Required work ->
Every line holding the string "eqxx" should be copied from the listing.

Data listing ->
(* Let $A$ be an abelian surface over a finite field $\mathbb{F}_q$ of characteristic $p$, with Frobenius characteristic polynomial $\chi_{A,q}(T) = T^4 + a_1 T^3 + a_2 T^2 + a_1 q T + q^2$. Let $\ell \neq p$ be a prime, let $r$ be the order of the Frobenius endomorphism $\varphi$ on $A[\ell]$, and assume $\gcd(\ell, r) = 1$. Then there exist $r$-th roots of unity $\zeta_1,\zeta_2 \in \overline{\mathbb{F}}_\ell$ with $\operatorname{lcm}(\operatorname{ord}(\zeta_1),\operatorname{ord}(\zeta_2)) = r$ if $r$ is odd, and $\operatorname{lcm}(\operatorname{ord}(\zeta_1),\operatorname{ord}(\zeta_2)) \in \{r, r/2\}$ if $r$ is even, such that, with $\eta_j = \zeta_j + \zeta_j^{-1} + 2$ ($j=1,2$), $$a_1^2 \equiv (\sqrt{\eta_1} \pm \sqrt{\eta_2})^2\, q \pmod{\ell} \quad\text{and}\quad (a_2 - 2q)^2 \equiv \eta_1 \eta_2 q^2 \pmod{\ell},$$ where the first congruence means that there exist square roots $u_1, u_2 \in \overline{\mathbb{F}}_\ell$ of $\eta_1, \eta_2$ respectively with $a_1^2 \equiv (u_1 + u_2)^2 q$.
   Context: The order of $\varphi$ on $A[\ell]$ is defined as follows: via $A[\ell] \cong (\mathbb{Z}/\ell\mathbb{Z})^{4}$, the action of $\varphi$ on $A[\ell]$ is given by a matrix $F_\ell \in \operatorname{GL}_{4}(\mathbb{F}_\ell)$ (the reduction mod $\ell$ of the matrix of Frobenius on the Tate module), and $r$ is the smallest positive integer such that $F_\ell^r = \alpha I$ for some scalar $\alpha \in \mathbb{F}_\ell$, i.e. the order of $F_\ell$ in $\operatorname{PGL}_4(\mathbb{F}_\ell)$. Congruences between integers and elements of $\overline{\mathbb{F}}_\ell$ are understood after reducing the integers modulo $\ell$. *)

From HB Require Import structures.
From mathcomp Require Import all_boot all_order all_algebra.
Set Implicit Arguments. Unset Strict Implicit. Unset Printing Implicit Defensive.
Import Order.TTheory GRing.Theory Num.Theory.
Local Open Scope ring_scope.

Definition pgl_order (K : fieldType) (n : nat) (F : 'M[K]_n) (r : nat) : Prop :=
  (0 < r)%N /\ is_scalar_mx (F ^+ r) /\
  (forall k : nat, (0 < k)%N -> (k < r)%N -> ~~ is_scalar_mx (F ^+ k)).

Definition frob_charpoly (K : nzRingType) (a1 a2 : int) (q : nat) : {poly K} :=
  'X^4 + (a1%:~R)%:P * 'X^3 + (a2%:~R)%:P * 'X^2
  + (a1%:~R * q%:R)%:P * 'X + ((q ^ 2)%:R)%:P.

Definition eta_of (K : unitRingType) (z : K) : K := z + z^-1 + 2.

(* The eigenvalues of Frobenius on A[l] come in pairs (x, q/x): the
   Frobenius polynomial is (T^2 - s1 T + q)(T^2 - s2 T + q) with
   s1 + s2 = -a1 and s1 s2 = a2 - 2q.  For a pair (x, y) the ratio
   zeta = x/y is an r-th root of unity since F^r is scalar, and
   eta = zeta + zeta^-1 + 2 = (x + y)^2 / q = s^2 / q, which gives both
   congruences.  Conversely, if m is the lcm of the orders of zeta1 and zeta2,
   every eigenvalue satisfies mu^(2m) = q^m; as r is prime to l, a suitable
   scaling of F is semisimple, so F^(2m) is scalar and r <= 2m.  Together with
   m | r this forces m = r or m = r/2, the latter only for even r. *)

From HB Require Import structures.
From mathcomp Require Import all_boot all_order all_algebra all_field.
From mathcomp Require Import ring.
Set Implicit Arguments.
Unset Strict Implicit.
Unset Printing Implicit Defensive.
Import GRing.Theory.
Local Open Scope ring_scope.

Lemma closed_exists_nth_root (L : closedFieldType) (n : nat) (c : L) :
  (0 < n)%N -> exists b : L, b ^+ n = c.
Proof.
move=> n_gt0; have /closed_rootP[b] : size ('X^n - c%:P) != 1.
  by rewrite size_XnsubC // eqSS -lt0n.
by rewrite rootE !hornerE subr_eq0 => /eqP; exists b.
Qed.

Lemma closed_exists_sum_prod (L : closedFieldType) (s c : L) :
  exists x y : L, x + y = s /\ x * y = c.
Proof.
have [x] := @solve_monicpoly L 2 (nth 0 [:: - c; s]) isT.
rewrite !big_ord_recl big_ord0 /= expr0 expr1 mulr1 addr0 => x_root.
exists x, (s - x); split; first by ring.
by rewrite mulrBr -expr2 x_root; ring.
Qed.

Lemma eigenvalue_expr (K : fieldType) n (M : 'M[K]_n) (r : nat) (c mu : K) :
  M ^+ r = c%:M -> eigenvalue M mu -> mu ^+ r = c.
Proof.
move=> Mr /eigenvalueP[v vM v_neq0].
have vMk k : v *m M ^+ k = mu ^+ k *: v.
  elim: k => [|k IHk]; first by rewrite !expr0 mulmx1 scale1r.
  by rewrite exprSr -mulmxE mulmxA IHk -scalemxAl vM scalerA -exprSr.
move/eqP: (vMk r); rewrite Mr mul_mx_scalar -subr_eq0 -scalerBl scaler_eq0.
by rewrite (negbTE v_neq0) orbF subr_eq0 => /eqP.
Qed.

Lemma horner_mx_separable_eq0 (L : closedFieldType) n (N : 'M[L]_n.+1)
    (g : {poly L}) :
  separable_poly (mxminpoly N) -> (forall z, eigenvalue N z -> root g z) ->
  horner_mx N g = 0.
Proof.
move=> sepN g_eig; apply/mxminpoly_minP.
have [rs defN] := closed_field_poly_normal (mxminpoly N).
rewrite (eqP (mxminpoly_monic N)) scale1r in defN.
have uniq_rs : uniq rs by rewrite -separable_prod_XsubC -defN.
have g_rs : all (root g) rs.
  apply/allP => z z_rs; apply: g_eig.
  by rewrite eigenvalue_root_min defN root_prod_XsubC.
have [h ->] := uniq_roots_prod_XsubC g_rs (etrans (uniq_rootsE rs) uniq_rs).
by rewrite defN dvdp_mull.
Qed.

Lemma eigenvalueZ (K : fieldType) n (M : 'M[K]_n) (b mu : K) :
  b != 0 -> eigenvalue (b *: M) mu = eigenvalue M (b^-1 * mu).
Proof.
move=> b_neq0; apply/eigenvalueP/eigenvalueP => -[v vM v_neq0]; exists v => //.
  by rewrite -scalerA -vM scalemxAr scalerA mulVf ?scale1r.
by rewrite -scalemxAr vM scalerA mulrA mulfV ?mul1r.
Qed.

(* Scaling M by an r-th root of c^-1 makes it a root of the separable
   polynomial X^r - 1, hence semisimple. *)
Lemma expr_scalar_mx_eigen (L : closedFieldType) n (M : 'M[L]_n.+1)
    (r e : nat) (c d : L) :
  (0 < r)%N -> r%:R != 0 :> L -> c != 0 -> M ^+ r = c%:M ->
  (forall mu, eigenvalue M mu -> mu ^+ e = d) -> M ^+ e = d%:M.
Proof.
move=> r_gt0 r_neq0 c_neq0 Mr M_eig.
have [b br] := closed_exists_nth_root c r_gt0.
have b_neq0 : b != 0.
  by apply: contraNneq c_neq0 => b0; rewrite -br b0 expr0n gtn_eqF.
pose N := b^-1 *: M.
have sepN : separable_poly (mxminpoly N).
  apply: dvdp_separable (separable_Xn_sub_1 r_neq0); apply/mxminpoly_minP.
  rewrite rmorphB rmorphXn rmorph1 /= horner_mx_X /N exprZn Mr -br.
  by rewrite -scalemx1 scalerA -exprMn mulVf // expr1n scale1r subrr.
have Ne : horner_mx N ('X^e - (d / b ^+ e)%:P) = 0.
  apply: horner_mx_separable_eq0 => // z; rewrite eigenvalueZ ?invr_eq0 // invrK.
  move/M_eig; rewrite rootE !hornerE exprMn => <-.
  by rewrite mulrC mulKf ?expf_neq0 ?subrr.
rewrite -(scalerKV b_neq0 M) -/N exprZn.
move/eqP: Ne; rewrite rmorphB rmorphXn /= horner_mx_X horner_mx_C subr_eq0.
move=> /eqP ->.
by rewrite -scalemx1 scalerA mulrC mulfVK ?expf_neq0 // scalemx1.
Qed.

Lemma frob_charpoly_split (K : comNzRingType) (a1 a2 : int) (q : nat)
    (s1 s2 : K) :
  a1%:~R = - (s1 + s2) -> a2%:~R - 2 * q%:R = s1 * s2 ->
  frob_charpoly K a1 a2 q
    = ('X^2 - s1%:P * 'X + (q%:R)%:P) * ('X^2 - s2%:P * 'X + (q%:R)%:P).
Proof.
move=> a1E a2E; rewrite /frob_charpoly a1E -[a2%:~R](subrK (2 * q%:R)) a2E natrX.
rewrite !(polyCM, polyCD, polyCN, polyC_natr).
ring.
Qed.

Lemma quadratic_prod_XsubC (K : comNzRingType) (x y : K) :
  'X^2 - (x + y)%:P * 'X + (x * y)%:P = ('X - x%:P) * ('X - y%:P).
Proof. by rewrite polyCD polyCM; ring. Qed.

Lemma frob_charpoly_paired_roots (L : closedFieldType) a1 a2 q :
  exists x1 y1 x2 y2 : L,
    [/\ x1 * y1 = q%:R, x2 * y2 = q%:R, a1%:~R = - ((x1 + y1) + (x2 + y2)),
        a2%:~R - 2 * q%:R = (x1 + y1) * (x2 + y2) &
        frob_charpoly L a1 a2 q = \prod_(z <- [:: x1; y1; x2; y2]) ('X - z%:P)].
Proof.
have [s1 [s2 [s12 s1s2]]] :=
  closed_exists_sum_prod (- a1%:~R) (a2%:~R - 2 * q%:R : L).
have [x1 [y1 [s1E xy1]]] := closed_exists_sum_prod s1 q%:R.
have [x2 [y2 [s2E xy2]]] := closed_exists_sum_prod s2 q%:R.
subst s1 s2.
have a1E : a1%:~R = - ((x1 + y1) + (x2 + y2)) :> L by rewrite s12 opprK.
exists x1, y1, x2, y2; split => //; rewrite (frob_charpoly_split a1E (esym s1s2)).
rewrite -{1}xy1 -xy2 !quadratic_prod_XsubC.
by rewrite !big_cons big_nil mulr1 !mulrA.
Qed.

Lemma eta_of_ratio (K : fieldType) (x y : K) :
  x * y != 0 -> eta_of (x / y) = (x + y) ^+ 2 / (x * y).
Proof.
rewrite mulf_eq0 negb_or => /andP[x_neq0 y_neq0].
by rewrite /eta_of; field; rewrite x_neq0 y_neq0.
Qed.

Lemma expr_double_ratio (K : fieldType) (x y : K) (m : nat) :
  y != 0 -> (x / y) ^+ m = 1 ->
  x ^+ (2 * m) = (x * y) ^+ m /\ y ^+ (2 * m) = (x * y) ^+ m.
Proof.
move=> y_neq0; rewrite -{2 3 4}(divfK y_neq0 x); move: (x / y) => z zm.
by rewrite mul2n -addnn !exprD !exprMn zm !mul1r.
Qed.

Lemma dvdn_half_leq (m r : nat) :
  (0 < r)%N -> (m %| r)%N -> (r <= 2 * m)%N ->
  if odd r then m = r else m = r \/ m = r./2.
Proof.
move=> r_gt0 /dvdnP[c rE] r_le.
have m_gt0 : (0 < m)%N by move: r_gt0; rewrite rE muln_gt0 => /andP[].
have c_le2 : (c <= 2)%N by rewrite -(leq_pmul2r m_gt0) -rE.
move: r_gt0; rewrite {}rE; case: c c_le2 => [|[|[|//]]] _.
- by rewrite mul0n.
- by rewrite mul1n; case: ifP => _; [|left].
- by rewrite oddM /= mul2n doubleK; right.
Qed.

Lemma pgl_order_leq (K : fieldType) n (F : 'M[K]_n) (r k : nat) :
  pgl_order F r -> (0 < k)%N -> is_scalar_mx (F ^+ k) -> (r <= k)%N.
Proof.
case=> _ [_ r_min] k_gt0 Fk; rewrite leqNgt; apply/negP.
by move=> /(r_min k k_gt0); rewrite Fk.
Qed.

Lemma pgl_order_map_mx (K R : fieldType) (f : {rmorphism K -> R}) n
    (F : 'M[K]_n.+1) (r : nat) :
  pgl_order (map_mx f F) r <-> pgl_order F r.
Proof.
have scalarE k : is_scalar_mx (map_mx f F ^+ k) = is_scalar_mx (F ^+ k).
  by rewrite -rmorphXn map_mx_is_scalar.
split=> -[r_gt0 [Fr F_min]]; split=> //; split=> [|k k_gt0 k_lt].
- by rewrite -scalarE.
- by rewrite -scalarE F_min.
- by rewrite scalarE.
- by rewrite scalarE F_min.
Qed.

Definition pchar_embedding (p : nat) (R : nzRingType) (pR : p \in [pchar R]) :
  'F_p -> R := in_alg (pPrimeCharType pR).

Section PcharEmbedding.
Variables (p : nat) (R : nzRingType) (pR : p \in [pchar R]).

Lemma pchar_embedding_is_zmod_morphism : zmod_morphism (pchar_embedding pR).
Proof. by move=> x y; rewrite /pchar_embedding rmorphB. Qed.

Lemma pchar_embedding_is_monoid_morphism :
  monoid_morphism (pchar_embedding pR).
Proof. by split=> [|x y]; rewrite /pchar_embedding ?rmorph1 ?rmorphM. Qed.

HB.instance Definition _ := GRing.isZmodMorphism.Build _ _ (pchar_embedding pR)
  pchar_embedding_is_zmod_morphism.
HB.instance Definition _ := GRing.isMonoidMorphism.Build _ _ (pchar_embedding pR)
  pchar_embedding_is_monoid_morphism.

End PcharEmbedding.

Lemma map_frob_charpoly (K R : nzRingType) (f : {rmorphism K -> R}) a1 a2 q :
  map_poly f (frob_charpoly K a1 a2 q) = frob_charpoly R a1 a2 q.
Proof.
rewrite /frob_charpoly !mul_polyC !rmorphD /= !map_polyZ !map_polyXn map_polyX.
by rewrite map_polyC /= !rmorph_int rmorphM /= !rmorph_nat rmorph_int.
Qed.

Section PairedSpectrum.
Variables (L : closedFieldType) (M : 'M[L]_4) (r : nat) (Q x1 y1 x2 y2 : L).
Hypotheses (M_order : pgl_order M r) (r_neq0 : r%:R != 0 :> L).
Hypotheses (xy1 : x1 * y1 = Q) (xy2 : x2 * y2 = Q) (Q_neq0 : Q != 0).
Hypothesis charM : char_poly M = \prod_(z <- [:: x1; y1; x2; y2]) ('X - z%:P).

Let r_gt0 : (0 < r)%N. Proof. by case: M_order. Qed.

Let c := (M ^+ r) ord0 ord0.

Let Mr : M ^+ r = c%:M.
Proof.
by rewrite /c; case: M_order => _ [/is_scalar_mxP[a ->] _]; rewrite mxE eqxx.
Qed.

Let eigenvalueM mu : eigenvalue M mu = (mu \in [:: x1; y1; x2; y2]).
Proof. by rewrite eigenvalue_root_char charM root_prod_XsubC. Qed.

Let pair_neq0 x y : x * y = Q -> x != 0 /\ y != 0.
Proof. by move=> xyQ; apply/andP; rewrite -negb_or -mulf_eq0 xyQ. Qed.

Let eigenvalue_expr_r mu : mu \in [:: x1; y1; x2; y2] -> mu ^+ r = c.
Proof. by rewrite -eigenvalueM; apply: eigenvalue_expr Mr. Qed.

Let c_neq0 : c != 0.
Proof.
have [x1_neq0 _] := pair_neq0 xy1.
by rewrite -(eigenvalue_expr_r (mu := x1)) ?inE ?eqxx ?expf_neq0.
Qed.

Lemma paired_ratio_expr_eq1 : (x1 / y1) ^+ r = 1 /\ (x2 / y2) ^+ r = 1.
Proof.
by rewrite !exprMn !exprVn !eigenvalue_expr_r ?inE ?eqxx ?orbT // mulfV.
Qed.

Lemma paired_expr_scalar m :
  (x1 / y1) ^+ m = 1 -> (x2 / y2) ^+ m = 1 -> M ^+ (2 * m) = (Q ^+ m)%:M.
Proof.
move=> z1m z2m.
have [_ y1_neq0] := pair_neq0 xy1; have [_ y2_neq0] := pair_neq0 xy2.
have [x1E y1E] := expr_double_ratio y1_neq0 z1m.
have [x2E y2E] := expr_double_ratio y2_neq0 z2m.
apply: (expr_scalar_mx_eigen r_gt0 r_neq0 c_neq0 Mr) => mu.
rewrite eigenvalueM !inE => /or4P[] /eqP->.
- by rewrite x1E xy1.
- by rewrite y1E xy1.
- by rewrite x2E xy2.
- by rewrite y2E xy2.
Qed.

Lemma paired_lcm_order n1 n2 :
  n1.-primitive_root (x1 / y1) -> n2.-primitive_root (x2 / y2) ->
  if odd r then lcmn n1 n2 = r else lcmn n1 n2 = r \/ lcmn n1 n2 = r./2.
Proof.
move=> z1_prim z2_prim; have [z1r z2r] := paired_ratio_expr_eq1.
apply: dvdn_half_leq => //.
  rewrite dvdn_lcm (prim_order_dvd z1_prim) (prim_order_dvd z2_prim).
  by rewrite z1r z2r eqxx.
apply: (pgl_order_leq M_order).
  by rewrite muln_gt0 lcmn_gt0 (prim_order_gt0 z1_prim) (prim_order_gt0 z2_prim).
rewrite paired_expr_scalar ?scalar_mx_is_scalar //; apply/eqP.
  by rewrite -(prim_order_dvd z1_prim) dvdn_lcml.
by rewrite -(prim_order_dvd z2_prim) dvdn_lcmr.
Qed.

End PairedSpectrum.

Theorem proposition2
  (p k : nat) (q : nat) (a1 a2 : int) (l : nat) (r : nat)
  (Hp : prime p) (Hk : (0 < k)%N) (Hq : q = (p ^ k)%N)
  (Hl : prime l) (Hlp : l != p)
  (F : 'M['F_l]_4)
  (HF : char_poly F = frob_charpoly 'F_l a1 a2 q)
  (Hr : pgl_order F r)
  (Hcop : coprime l r)
  (L : closedFieldType) (HL : l \in [pchar L]) :
  exists (z1 z2 : L) (n1 n2 : nat),
    [/\ z1 ^+ r = 1 /\ z2 ^+ r = 1,
        n1.-primitive_root z1 /\ n2.-primitive_root z2,
        (if odd r then lcmn n1 n2 = r
         else lcmn n1 n2 = r \/ lcmn n1 n2 = r./2),
        (exists u1 u2 : L,
           [/\ u1 ^+ 2 = eta_of z1, u2 ^+ 2 = eta_of z2 &
                (a1%:~R) ^+ 2 = (u1 + u2) ^+ 2 * q%:R]) &
        (a2%:~R - 2 * q%:R) ^+ 2 = eta_of z1 * eta_of z2 * (q%:R) ^+ 2].
Proof.
pose M := map_mx (pchar_embedding HL) F.
have M_order : pgl_order M r by apply/pgl_order_map_mx.
have q_neq0 : q%:R != 0 :> L.
  by rewrite Hq natrX expf_neq0 // -(dvdn_pcharf HL) dvdn_prime2.
have r_neq0 : r%:R != 0 :> L by rewrite -(dvdn_pcharf HL) -prime_coprime.
have [x1 [y1 [x2 [y2 [xy1 xy2 a1E a2E charL]]]]] :=
  frob_charpoly_paired_roots L a1 a2 q.
have charM : char_poly M = \prod_(z <- [:: x1; y1; x2; y2]) ('X - z%:P).
  by rewrite -map_char_poly HF map_frob_charpoly.
have [z1r z2r] := paired_ratio_expr_eq1 M_order xy1 q_neq0 charM.
have [n1 z1_prim _] := prim_order_exists (proj1 M_order) z1r.
have [n2 z2_prim _] := prim_order_exists (proj1 M_order) z2r.
exists (x1 / y1), (x2 / y2), n1, n2; split => //.
- exact: (paired_lcm_order M_order r_neq0 xy1 xy2 q_neq0 charM).
- have [w w2] := closed_exists_nth_root (q%:R : L) (isT : (0 < 2)%N).
  have w_neq0 : w != 0 by apply: contraNneq q_neq0 => w0; rewrite -w2 w0 expr0n.
  exists ((x1 + y1) / w), ((x2 + y2) / w).
  by rewrite !eta_of_ratio ?xy1 ?xy2 // -w2 !expr_div_n a1E; split=> //; field.
- by rewrite !eta_of_ratio ?xy1 ?xy2 // a2E; field.
Qed.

Exercise solution ->
by rewrite /c; case: M_order => _ [/is_scalar_mxP[a ->] _]; rewrite mxE eqxx.
by rewrite -(eigenvalue_expr_r (mu := x1)) ?inE ?eqxx ?expf_neq0.
by rewrite !exprMn !exprVn !eigenvalue_expr_r ?inE ?eqxx ?orbT // mulfV.
  by rewrite z1r z2r eqxx.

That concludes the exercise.